Records for the exercise: Begin

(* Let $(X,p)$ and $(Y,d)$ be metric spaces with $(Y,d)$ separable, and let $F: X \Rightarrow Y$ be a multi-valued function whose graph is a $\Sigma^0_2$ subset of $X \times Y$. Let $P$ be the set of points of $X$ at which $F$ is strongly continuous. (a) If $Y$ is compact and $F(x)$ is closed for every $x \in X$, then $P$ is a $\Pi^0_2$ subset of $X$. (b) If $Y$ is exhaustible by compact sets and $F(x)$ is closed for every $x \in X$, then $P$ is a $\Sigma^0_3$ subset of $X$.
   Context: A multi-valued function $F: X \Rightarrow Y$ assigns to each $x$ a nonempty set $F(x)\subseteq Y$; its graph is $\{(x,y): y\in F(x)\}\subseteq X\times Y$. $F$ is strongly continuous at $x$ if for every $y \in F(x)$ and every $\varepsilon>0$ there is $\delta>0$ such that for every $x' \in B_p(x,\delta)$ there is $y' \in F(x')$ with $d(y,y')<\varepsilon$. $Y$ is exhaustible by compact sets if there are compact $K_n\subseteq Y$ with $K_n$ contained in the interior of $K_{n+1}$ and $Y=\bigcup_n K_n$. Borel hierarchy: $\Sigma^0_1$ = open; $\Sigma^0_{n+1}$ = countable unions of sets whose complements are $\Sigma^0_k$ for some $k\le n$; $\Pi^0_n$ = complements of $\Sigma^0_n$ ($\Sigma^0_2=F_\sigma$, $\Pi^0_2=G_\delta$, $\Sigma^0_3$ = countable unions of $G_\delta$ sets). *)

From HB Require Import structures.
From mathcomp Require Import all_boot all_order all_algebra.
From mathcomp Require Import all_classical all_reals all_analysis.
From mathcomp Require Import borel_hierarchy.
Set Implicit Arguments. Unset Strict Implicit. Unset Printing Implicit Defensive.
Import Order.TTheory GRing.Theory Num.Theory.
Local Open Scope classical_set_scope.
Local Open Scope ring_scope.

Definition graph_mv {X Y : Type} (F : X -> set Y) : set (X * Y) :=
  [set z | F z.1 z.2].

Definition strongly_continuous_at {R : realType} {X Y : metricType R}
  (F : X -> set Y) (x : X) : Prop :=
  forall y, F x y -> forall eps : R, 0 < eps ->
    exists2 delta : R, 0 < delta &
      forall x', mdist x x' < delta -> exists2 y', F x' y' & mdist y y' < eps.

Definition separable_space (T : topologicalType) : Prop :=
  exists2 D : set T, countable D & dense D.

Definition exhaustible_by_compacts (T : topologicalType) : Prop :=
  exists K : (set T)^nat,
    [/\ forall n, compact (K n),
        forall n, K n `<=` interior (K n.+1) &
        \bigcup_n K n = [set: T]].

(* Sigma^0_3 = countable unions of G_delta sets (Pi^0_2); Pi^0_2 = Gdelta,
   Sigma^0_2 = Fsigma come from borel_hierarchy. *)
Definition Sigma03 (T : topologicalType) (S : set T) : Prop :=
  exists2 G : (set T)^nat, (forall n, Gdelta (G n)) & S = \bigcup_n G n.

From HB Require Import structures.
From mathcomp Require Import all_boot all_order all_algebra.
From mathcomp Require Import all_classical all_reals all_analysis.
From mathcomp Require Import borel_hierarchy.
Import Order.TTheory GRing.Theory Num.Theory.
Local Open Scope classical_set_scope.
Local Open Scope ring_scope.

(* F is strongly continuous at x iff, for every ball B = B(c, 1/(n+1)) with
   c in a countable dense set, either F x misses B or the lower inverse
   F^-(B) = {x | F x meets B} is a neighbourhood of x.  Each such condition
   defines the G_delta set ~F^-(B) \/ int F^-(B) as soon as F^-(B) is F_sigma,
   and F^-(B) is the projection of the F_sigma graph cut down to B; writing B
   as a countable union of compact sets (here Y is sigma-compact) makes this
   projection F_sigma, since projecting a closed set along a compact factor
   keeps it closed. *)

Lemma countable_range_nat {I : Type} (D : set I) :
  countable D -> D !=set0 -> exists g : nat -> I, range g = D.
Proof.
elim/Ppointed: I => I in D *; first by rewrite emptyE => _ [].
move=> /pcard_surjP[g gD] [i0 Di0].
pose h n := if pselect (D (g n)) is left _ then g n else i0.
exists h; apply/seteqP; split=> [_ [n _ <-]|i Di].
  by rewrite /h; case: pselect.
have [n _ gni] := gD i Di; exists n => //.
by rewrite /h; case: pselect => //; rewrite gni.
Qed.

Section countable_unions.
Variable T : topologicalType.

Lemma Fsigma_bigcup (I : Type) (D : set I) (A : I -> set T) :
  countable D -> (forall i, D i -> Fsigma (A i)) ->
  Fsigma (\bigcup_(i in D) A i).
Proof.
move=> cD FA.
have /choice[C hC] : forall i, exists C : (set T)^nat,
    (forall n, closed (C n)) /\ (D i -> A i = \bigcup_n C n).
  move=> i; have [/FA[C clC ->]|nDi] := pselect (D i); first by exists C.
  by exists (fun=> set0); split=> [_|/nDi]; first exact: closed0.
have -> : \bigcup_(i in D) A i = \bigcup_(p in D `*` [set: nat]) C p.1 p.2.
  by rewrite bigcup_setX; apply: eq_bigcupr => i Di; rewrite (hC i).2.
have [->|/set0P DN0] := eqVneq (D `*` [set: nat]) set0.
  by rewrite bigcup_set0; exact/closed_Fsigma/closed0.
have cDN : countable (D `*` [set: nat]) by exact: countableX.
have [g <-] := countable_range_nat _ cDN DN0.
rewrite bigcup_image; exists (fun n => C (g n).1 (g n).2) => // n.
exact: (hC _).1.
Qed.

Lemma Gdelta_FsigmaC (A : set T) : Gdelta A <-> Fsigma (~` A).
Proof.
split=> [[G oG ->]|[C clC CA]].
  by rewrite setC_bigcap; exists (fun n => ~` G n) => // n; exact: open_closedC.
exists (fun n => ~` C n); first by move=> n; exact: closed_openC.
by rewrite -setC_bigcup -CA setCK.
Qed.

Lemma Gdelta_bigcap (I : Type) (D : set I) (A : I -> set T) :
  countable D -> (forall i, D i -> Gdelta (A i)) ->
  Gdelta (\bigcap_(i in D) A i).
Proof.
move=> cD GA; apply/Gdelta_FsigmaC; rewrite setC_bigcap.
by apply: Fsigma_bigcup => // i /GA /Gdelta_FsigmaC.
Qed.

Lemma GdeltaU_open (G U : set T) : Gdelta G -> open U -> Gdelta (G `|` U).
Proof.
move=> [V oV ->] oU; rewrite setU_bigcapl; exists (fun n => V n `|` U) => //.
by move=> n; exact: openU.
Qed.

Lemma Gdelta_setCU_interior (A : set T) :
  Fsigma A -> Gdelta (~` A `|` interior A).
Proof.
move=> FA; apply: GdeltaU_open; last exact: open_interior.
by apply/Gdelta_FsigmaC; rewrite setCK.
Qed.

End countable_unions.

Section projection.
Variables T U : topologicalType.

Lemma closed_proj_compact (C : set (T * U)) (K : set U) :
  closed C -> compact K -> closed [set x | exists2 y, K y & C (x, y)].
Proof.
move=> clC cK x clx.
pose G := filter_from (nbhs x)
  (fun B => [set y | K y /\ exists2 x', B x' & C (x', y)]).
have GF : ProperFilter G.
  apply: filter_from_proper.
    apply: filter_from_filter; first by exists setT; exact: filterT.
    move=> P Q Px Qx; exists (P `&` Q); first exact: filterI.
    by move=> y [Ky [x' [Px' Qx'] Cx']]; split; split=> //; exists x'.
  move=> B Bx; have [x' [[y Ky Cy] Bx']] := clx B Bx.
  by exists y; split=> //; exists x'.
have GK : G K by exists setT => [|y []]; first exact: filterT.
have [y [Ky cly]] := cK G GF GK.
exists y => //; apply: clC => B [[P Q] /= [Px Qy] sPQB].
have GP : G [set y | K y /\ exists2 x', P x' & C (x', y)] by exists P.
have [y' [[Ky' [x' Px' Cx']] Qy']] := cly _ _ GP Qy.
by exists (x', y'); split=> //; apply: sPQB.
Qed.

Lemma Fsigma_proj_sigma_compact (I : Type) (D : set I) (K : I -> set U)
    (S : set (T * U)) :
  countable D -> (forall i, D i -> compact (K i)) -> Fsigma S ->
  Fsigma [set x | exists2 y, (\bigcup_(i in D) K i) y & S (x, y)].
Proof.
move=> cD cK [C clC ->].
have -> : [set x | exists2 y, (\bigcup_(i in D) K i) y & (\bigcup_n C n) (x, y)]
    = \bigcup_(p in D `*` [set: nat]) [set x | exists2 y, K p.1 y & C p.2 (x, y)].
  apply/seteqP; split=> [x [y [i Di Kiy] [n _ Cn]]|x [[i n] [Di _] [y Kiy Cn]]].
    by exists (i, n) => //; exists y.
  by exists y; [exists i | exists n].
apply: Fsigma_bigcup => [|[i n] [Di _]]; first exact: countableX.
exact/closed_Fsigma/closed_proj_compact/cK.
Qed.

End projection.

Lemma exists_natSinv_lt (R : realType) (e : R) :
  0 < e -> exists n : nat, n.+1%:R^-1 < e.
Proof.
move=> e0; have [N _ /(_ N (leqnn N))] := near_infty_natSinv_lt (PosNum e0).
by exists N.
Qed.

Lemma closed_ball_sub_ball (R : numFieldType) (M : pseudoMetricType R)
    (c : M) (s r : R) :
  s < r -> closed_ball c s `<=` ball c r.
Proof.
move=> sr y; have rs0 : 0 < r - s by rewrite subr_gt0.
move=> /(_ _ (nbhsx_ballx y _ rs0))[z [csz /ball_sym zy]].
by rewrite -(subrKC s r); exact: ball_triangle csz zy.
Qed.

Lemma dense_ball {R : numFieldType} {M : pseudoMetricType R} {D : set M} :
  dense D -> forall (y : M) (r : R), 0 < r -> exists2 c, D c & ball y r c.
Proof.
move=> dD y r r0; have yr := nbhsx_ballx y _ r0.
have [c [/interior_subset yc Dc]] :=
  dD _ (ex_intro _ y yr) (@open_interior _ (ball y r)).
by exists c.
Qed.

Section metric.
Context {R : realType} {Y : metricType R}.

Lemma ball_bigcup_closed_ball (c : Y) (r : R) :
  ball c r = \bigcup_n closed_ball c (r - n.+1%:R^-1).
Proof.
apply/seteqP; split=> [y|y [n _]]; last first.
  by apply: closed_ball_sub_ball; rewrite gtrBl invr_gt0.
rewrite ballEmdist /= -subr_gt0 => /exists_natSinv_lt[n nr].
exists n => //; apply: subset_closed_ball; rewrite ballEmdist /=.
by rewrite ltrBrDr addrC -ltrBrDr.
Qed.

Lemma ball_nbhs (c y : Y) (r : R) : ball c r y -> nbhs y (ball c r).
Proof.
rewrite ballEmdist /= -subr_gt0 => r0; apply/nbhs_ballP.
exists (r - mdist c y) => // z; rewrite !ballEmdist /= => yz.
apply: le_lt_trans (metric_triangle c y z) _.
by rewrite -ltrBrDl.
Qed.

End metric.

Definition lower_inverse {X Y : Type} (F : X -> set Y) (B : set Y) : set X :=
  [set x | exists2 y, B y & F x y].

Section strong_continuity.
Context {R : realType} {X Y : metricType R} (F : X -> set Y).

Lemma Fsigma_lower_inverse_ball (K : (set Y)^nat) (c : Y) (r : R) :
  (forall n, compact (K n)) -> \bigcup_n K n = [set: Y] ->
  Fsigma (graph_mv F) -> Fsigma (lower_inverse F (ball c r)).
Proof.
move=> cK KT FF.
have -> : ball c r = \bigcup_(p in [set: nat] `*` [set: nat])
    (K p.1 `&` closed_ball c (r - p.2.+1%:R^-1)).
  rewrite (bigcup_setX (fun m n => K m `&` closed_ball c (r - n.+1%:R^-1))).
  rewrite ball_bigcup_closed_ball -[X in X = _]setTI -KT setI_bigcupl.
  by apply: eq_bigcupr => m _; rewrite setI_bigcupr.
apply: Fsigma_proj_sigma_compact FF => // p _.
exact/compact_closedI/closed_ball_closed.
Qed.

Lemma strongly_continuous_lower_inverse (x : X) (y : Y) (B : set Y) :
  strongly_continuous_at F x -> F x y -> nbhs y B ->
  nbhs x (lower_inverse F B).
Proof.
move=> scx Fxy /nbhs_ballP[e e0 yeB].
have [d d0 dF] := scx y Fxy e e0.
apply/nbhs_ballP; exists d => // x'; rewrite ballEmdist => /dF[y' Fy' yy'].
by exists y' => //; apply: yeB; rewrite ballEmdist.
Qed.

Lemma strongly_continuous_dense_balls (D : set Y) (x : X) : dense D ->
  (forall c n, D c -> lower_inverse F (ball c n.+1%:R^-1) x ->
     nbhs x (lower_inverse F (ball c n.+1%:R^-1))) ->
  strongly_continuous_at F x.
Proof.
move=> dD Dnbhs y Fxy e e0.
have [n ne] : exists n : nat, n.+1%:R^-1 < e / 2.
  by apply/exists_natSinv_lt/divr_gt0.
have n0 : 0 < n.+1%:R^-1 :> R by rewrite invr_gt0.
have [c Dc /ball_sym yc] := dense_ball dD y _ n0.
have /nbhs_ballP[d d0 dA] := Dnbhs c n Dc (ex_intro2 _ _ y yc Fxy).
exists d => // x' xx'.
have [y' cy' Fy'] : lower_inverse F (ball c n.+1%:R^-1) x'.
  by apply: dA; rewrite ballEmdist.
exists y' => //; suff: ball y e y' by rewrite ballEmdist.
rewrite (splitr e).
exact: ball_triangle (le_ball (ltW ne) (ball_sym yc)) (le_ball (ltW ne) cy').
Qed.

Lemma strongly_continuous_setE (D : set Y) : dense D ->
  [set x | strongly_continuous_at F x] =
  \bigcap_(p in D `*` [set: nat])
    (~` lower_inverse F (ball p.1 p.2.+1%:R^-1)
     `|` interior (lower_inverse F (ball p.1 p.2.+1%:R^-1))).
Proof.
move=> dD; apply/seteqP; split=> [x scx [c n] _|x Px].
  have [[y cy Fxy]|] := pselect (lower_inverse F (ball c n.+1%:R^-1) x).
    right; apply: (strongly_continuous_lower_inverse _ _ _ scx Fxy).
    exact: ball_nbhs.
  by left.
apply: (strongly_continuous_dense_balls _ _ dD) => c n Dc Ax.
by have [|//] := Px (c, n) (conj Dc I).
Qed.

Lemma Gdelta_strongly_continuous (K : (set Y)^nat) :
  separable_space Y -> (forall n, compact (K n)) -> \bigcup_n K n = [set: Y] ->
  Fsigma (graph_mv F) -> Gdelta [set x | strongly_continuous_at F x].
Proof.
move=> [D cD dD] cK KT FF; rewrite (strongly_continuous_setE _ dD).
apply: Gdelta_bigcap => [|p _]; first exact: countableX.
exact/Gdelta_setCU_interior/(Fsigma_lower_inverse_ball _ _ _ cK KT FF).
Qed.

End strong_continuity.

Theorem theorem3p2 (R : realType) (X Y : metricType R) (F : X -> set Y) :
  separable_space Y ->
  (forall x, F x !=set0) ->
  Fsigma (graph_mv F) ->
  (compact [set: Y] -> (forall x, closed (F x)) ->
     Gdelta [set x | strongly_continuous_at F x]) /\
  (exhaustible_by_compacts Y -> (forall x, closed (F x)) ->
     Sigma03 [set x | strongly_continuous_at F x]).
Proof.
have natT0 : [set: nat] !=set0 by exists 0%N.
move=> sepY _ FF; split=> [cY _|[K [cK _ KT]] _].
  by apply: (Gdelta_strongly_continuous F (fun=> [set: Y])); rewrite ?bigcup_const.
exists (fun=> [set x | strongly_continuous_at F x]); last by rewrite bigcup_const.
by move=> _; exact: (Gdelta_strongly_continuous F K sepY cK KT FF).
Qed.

Records for the exercise: End

(What you need to do) From the data above, copy each line that has the string "numFieldType".

(Result of the task)
Lemma closed_ball_sub_ball (R : numFieldType) (M : pseudoMetricType R)
Lemma dense_ball {R : numFieldType} {M : pseudoMetricType R} {D : set M} :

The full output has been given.